* **Provided data**
Lemma square2_of_graph i : square2 p t w0 w1 i.
Proof.
move=> c b /= tc cb; have [a [ta ac ab]] := square2_exists tc cb.
exists a; split=> [// | a' [ta' a'c _]].
by apply: tor_frobenius_inj => //; rewrite ac a'c.
Qed.

End SquaresOfCondG.

Section CondGOfSquares.
Hypothesis sq1 : forall i, square1 t w0 i.
Hypothesis sq2 : forall i, square2 p t w0 w1 i.

Lemma w_bounded_of_squares i : bounded_torsion (w i).
Proof.
apply: bounded_torsion_of_sq => y wy; set z := w i * y.
have tz : tors i z by apply: tor_annihilated; rewrite /z mulrA -expr2.
have z2 : z ^+ 2 = 0 by rewrite /z exprMn (expr2 y) mulrA wy mul0r.
have zp : z ^+ p = 0 by rewrite -(subnK p_gt1) exprD z2 mulr0.
have tzp : t i z ^+ p = 0 by rewrite -rmorphXn zp rmorph0.
have tz0 : t i z = 0.
  apply: (cartesian_uniq (@sq2 i) (a2 := 0) (b := 0)) => /=.
  - exact: tor_t.
  - exact: tor0.
  - exact: torX p_gt0 (tor_t tz).
  - by rewrite tzp zeroX.
  - by rewrite tzp zeroX; apply: cong_refl.
  - by rewrite /cong subr0 rmorphM; apply/pidMr/w_in_varpi.
  - exact: cong_refl.
apply: (cartesian_uniq (@sq1 i) (a2 := 0) (b := 0)) => /=.
- exact: tz.
- exact: tor0.
- exact: tor_t.
- by rewrite tz0 rmorph0.
- by rewrite tz0 rmorph0; apply: cong_refl.
- by rewrite /cong subr0; apply/pidMr/pid_gen.
- exact: cong_refl.
Qed.

Lemma Frel_total_of_squares i (y : R i.+1) : tors i.+1 y ->
  exists x, tors i x /\ Frel p t w0 i y x.
Proof.
move=> ty; have [x0 yx0] := frobenius_image y.
have [x [[tx xy _] _]] := sq1 (torX p_gt0 ty) (cong_sym yx0).
by exists x; split; rewrite // /Frel xy; apply: cong_refl.
Qed.

Lemma Frel_inj_of_squares i (y1 y2 : R i.+1) (x : R i) :
  tors i.+1 y1 -> tors i.+1 y2 -> tors i x ->
  Frel p t w0 i y1 x -> Frel p t w0 i y2 x -> y1 = y2.
Proof.
move=> ty1 ty2 _ y1x y2x; have wB := @w_bounded_of_squares i.+1.
have y12 : y1 ^+ p = y2 ^+ p.
  apply: (tor_cong_eq wB); [exact: torX | exact: torX |].
  exact: cong_trans (cong_sym y1x) y2x.
have d12 : (y2 - y1) ^+ p = 0.
  have := tor_exprDl wB (y2 - y1) p_prime (natr_in_w _) ty1.
  by rewrite addrC subrK -y12 -{1}(addr0 (y1 ^+ p)) => /addrI <-.
apply: (cartesian_uniq (@sq2 i) (b := y1)) => //=.
- exact: torX.
- exact: cong_refl.
- exact: cong_refl.
- by apply: varpi_of_frobenius; rewrite d12; apply: pid0.
Qed.

Lemma Frel_surj_of_squares i (x : R i) : tors i x ->
  exists y, tors i.+1 y /\ Frel p t w0 i y x.
Proof.
move=> tx; have [y0 xy0] := F_surj x.
have [y [[ty yx _] _]] := sq2 (tor_t tx) xy0.
by exists y; split; rewrite // /Frel yx; apply: cong_refl.
Qed.

End CondGOfSquares.

Lemma squares_of_cond_g : cond_g p t w0 ->
  forall i, square1 t w0 i /\ square2 p t w0 w1 i.
Proof.
case/cond_g_iff => wB Frel_total Frel_inj Frel_surj i.
by split; [apply: square1_of_graph | apply: square2_of_graph].
Qed.

Lemma cond_g_of_squares : (forall i, square1 t w0 i /\ square2 p t w0 w1 i) ->
  cond_g p t w0.
Proof.
move=> sq; have sq1 i := (sq i).1; have sq2 i := (sq i).2.
apply/cond_g_iff; split.
- exact: w_bounded_of_squares.
- exact: Frel_total_of_squares.
- exact: Frel_inj_of_squares.
- exact: Frel_surj_of_squares.
Qed.

End Tower.

Theorem theorem2p11 (p : nat) (R : nat -> comPzRingType)
  (t : forall i, {rmorphism R i -> R i.+1}) (w0 : R 0) (w1 : R 1) :
  prime p ->
  pi_tower p t w0 -> cond_d p t w0 -> cond_f p t w0 w1 ->
  (cond_g p t w0 <-> forall i : nat, square1 t w0 i /\ square2 p t w0 w1 i).
Proof.
move=> p_prime [p_in_I0 t_descent frobenius_image] F_surj [I1_pow ker_F].
by split; [apply: squares_of_cond_g | apply: cond_g_of_squares].
Qed.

* **The task**
Print all of the entries exactly as they appear.

* **Answer**
Lemma square2_of_graph i : square2 p t w0 w1 i.
Proof.
move=> c b /= tc cb; have [a [ta ac ab]] := square2_exists tc cb.
exists a; split=> [// | a' [ta' a'c _]].
by apply: tor_frobenius_inj => //; rewrite ac a'c.
Qed.

End SquaresOfCondG.

Section CondGOfSquares.
Hypothesis sq1 : forall i, square1 t w0 i.
Hypothesis sq2 : forall i, square2 p t w0 w1 i.

Lemma w_bounded_of_squares i : bounded_torsion (w i).
Proof.
apply: bounded_torsion_of_sq => y wy; set z := w i * y.
have tz : tors i z by apply: tor_annihilated; rewrite /z mulrA -expr2.
have z2 : z ^+ 2 = 0 by rewrite /z exprMn (expr2 y) mulrA wy mul0r.
have zp : z ^+ p = 0 by rewrite -(subnK p_gt1) exprD z2 mulr0.
have tzp : t i z ^+ p = 0 by rewrite -rmorphXn zp rmorph0.
have tz0 : t i z = 0.
  apply: (cartesian_uniq (@sq2 i) (a2 := 0) (b := 0)) => /=.
  - exact: tor_t.
  - exact: tor0.
  - exact: torX p_gt0 (tor_t tz).
  - by rewrite tzp zeroX.
  - by rewrite tzp zeroX; apply: cong_refl.
  - by rewrite /cong subr0 rmorphM; apply/pidMr/w_in_varpi.
  - exact: cong_refl.
apply: (cartesian_uniq (@sq1 i) (a2 := 0) (b := 0)) => /=.
- exact: tz.
- exact: tor0.
- exact: tor_t.
- by rewrite tz0 rmorph0.
- by rewrite tz0 rmorph0; apply: cong_refl.
- by rewrite /cong subr0; apply/pidMr/pid_gen.
- exact: cong_refl.
Qed.

Lemma Frel_total_of_squares i (y : R i.+1) : tors i.+1 y ->
  exists x, tors i x /\ Frel p t w0 i y x.
Proof.
move=> ty; have [x0 yx0] := frobenius_image y.
have [x [[tx xy _] _]] := sq1 (torX p_gt0 ty) (cong_sym yx0).
by exists x; split; rewrite // /Frel xy; apply: cong_refl.
Qed.

Lemma Frel_inj_of_squares i (y1 y2 : R i.+1) (x : R i) :
  tors i.+1 y1 -> tors i.+1 y2 -> tors i x ->
  Frel p t w0 i y1 x -> Frel p t w0 i y2 x -> y1 = y2.
Proof.
move=> ty1 ty2 _ y1x y2x; have wB := @w_bounded_of_squares i.+1.
have y12 : y1 ^+ p = y2 ^+ p.
  apply: (tor_cong_eq wB); [exact: torX | exact: torX |].
  exact: cong_trans (cong_sym y1x) y2x.
have d12 : (y2 - y1) ^+ p = 0.
  have := tor_exprDl wB (y2 - y1) p_prime (natr_in_w _) ty1.
  by rewrite addrC subrK -y12 -{1}(addr0 (y1 ^+ p)) => /addrI <-.
apply: (cartesian_uniq (@sq2 i) (b := y1)) => //=.
- exact: torX.
- exact: cong_refl.
- exact: cong_refl.
- by apply: varpi_of_frobenius; rewrite d12; apply: pid0.
Qed.

Lemma Frel_surj_of_squares i (x : R i) : tors i x ->
  exists y, tors i.+1 y /\ Frel p t w0 i y x.
Proof.
move=> tx; have [y0 xy0] := F_surj x.
have [y [[ty yx _] _]] := sq2 (tor_t tx) xy0.
by exists y; split; rewrite // /Frel yx; apply: cong_refl.
Qed.

End CondGOfSquares.

Lemma squares_of_cond_g : cond_g p t w0 ->
  forall i, square1 t w0 i /\ square2 p t w0 w1 i.
Proof.
case/cond_g_iff => wB Frel_total Frel_inj Frel_surj i.
by split; [apply: square1_of_graph | apply: square2_of_graph].
Qed.

Lemma cond_g_of_squares : (forall i, square1 t w0 i /\ square2 p t w0 w1 i) ->
  cond_g p t w0.
Proof.
move=> sq; have sq1 i := (sq i).1; have sq2 i := (sq i).2.
apply/cond_g_iff; split.
- exact: w_bounded_of_squares.
- exact: Frel_total_of_squares.
- exact: Frel_inj_of_squares.
- exact: Frel_surj_of_squares.
Qed.

End Tower.

Theorem theorem2p11 (p : nat) (R : nat -> comPzRingType)
  (t : forall i, {rmorphism R i -> R i.+1}) (w0 : R 0) (w1 : R 1) :
  prime p ->
  pi_tower p t w0 -> cond_d p t w0 -> cond_f p t w0 w1 ->
  (cond_g p t w0 <-> forall i : nat, square1 t w0 i /\ square2 p t w0 w1 i).
Proof.
move=> p_prime [p_in_I0 t_descent frobenius_image] F_surj [I1_pow ker_F].
by split; [apply: squares_of_cond_g | apply: cond_g_of_squares].
Qed.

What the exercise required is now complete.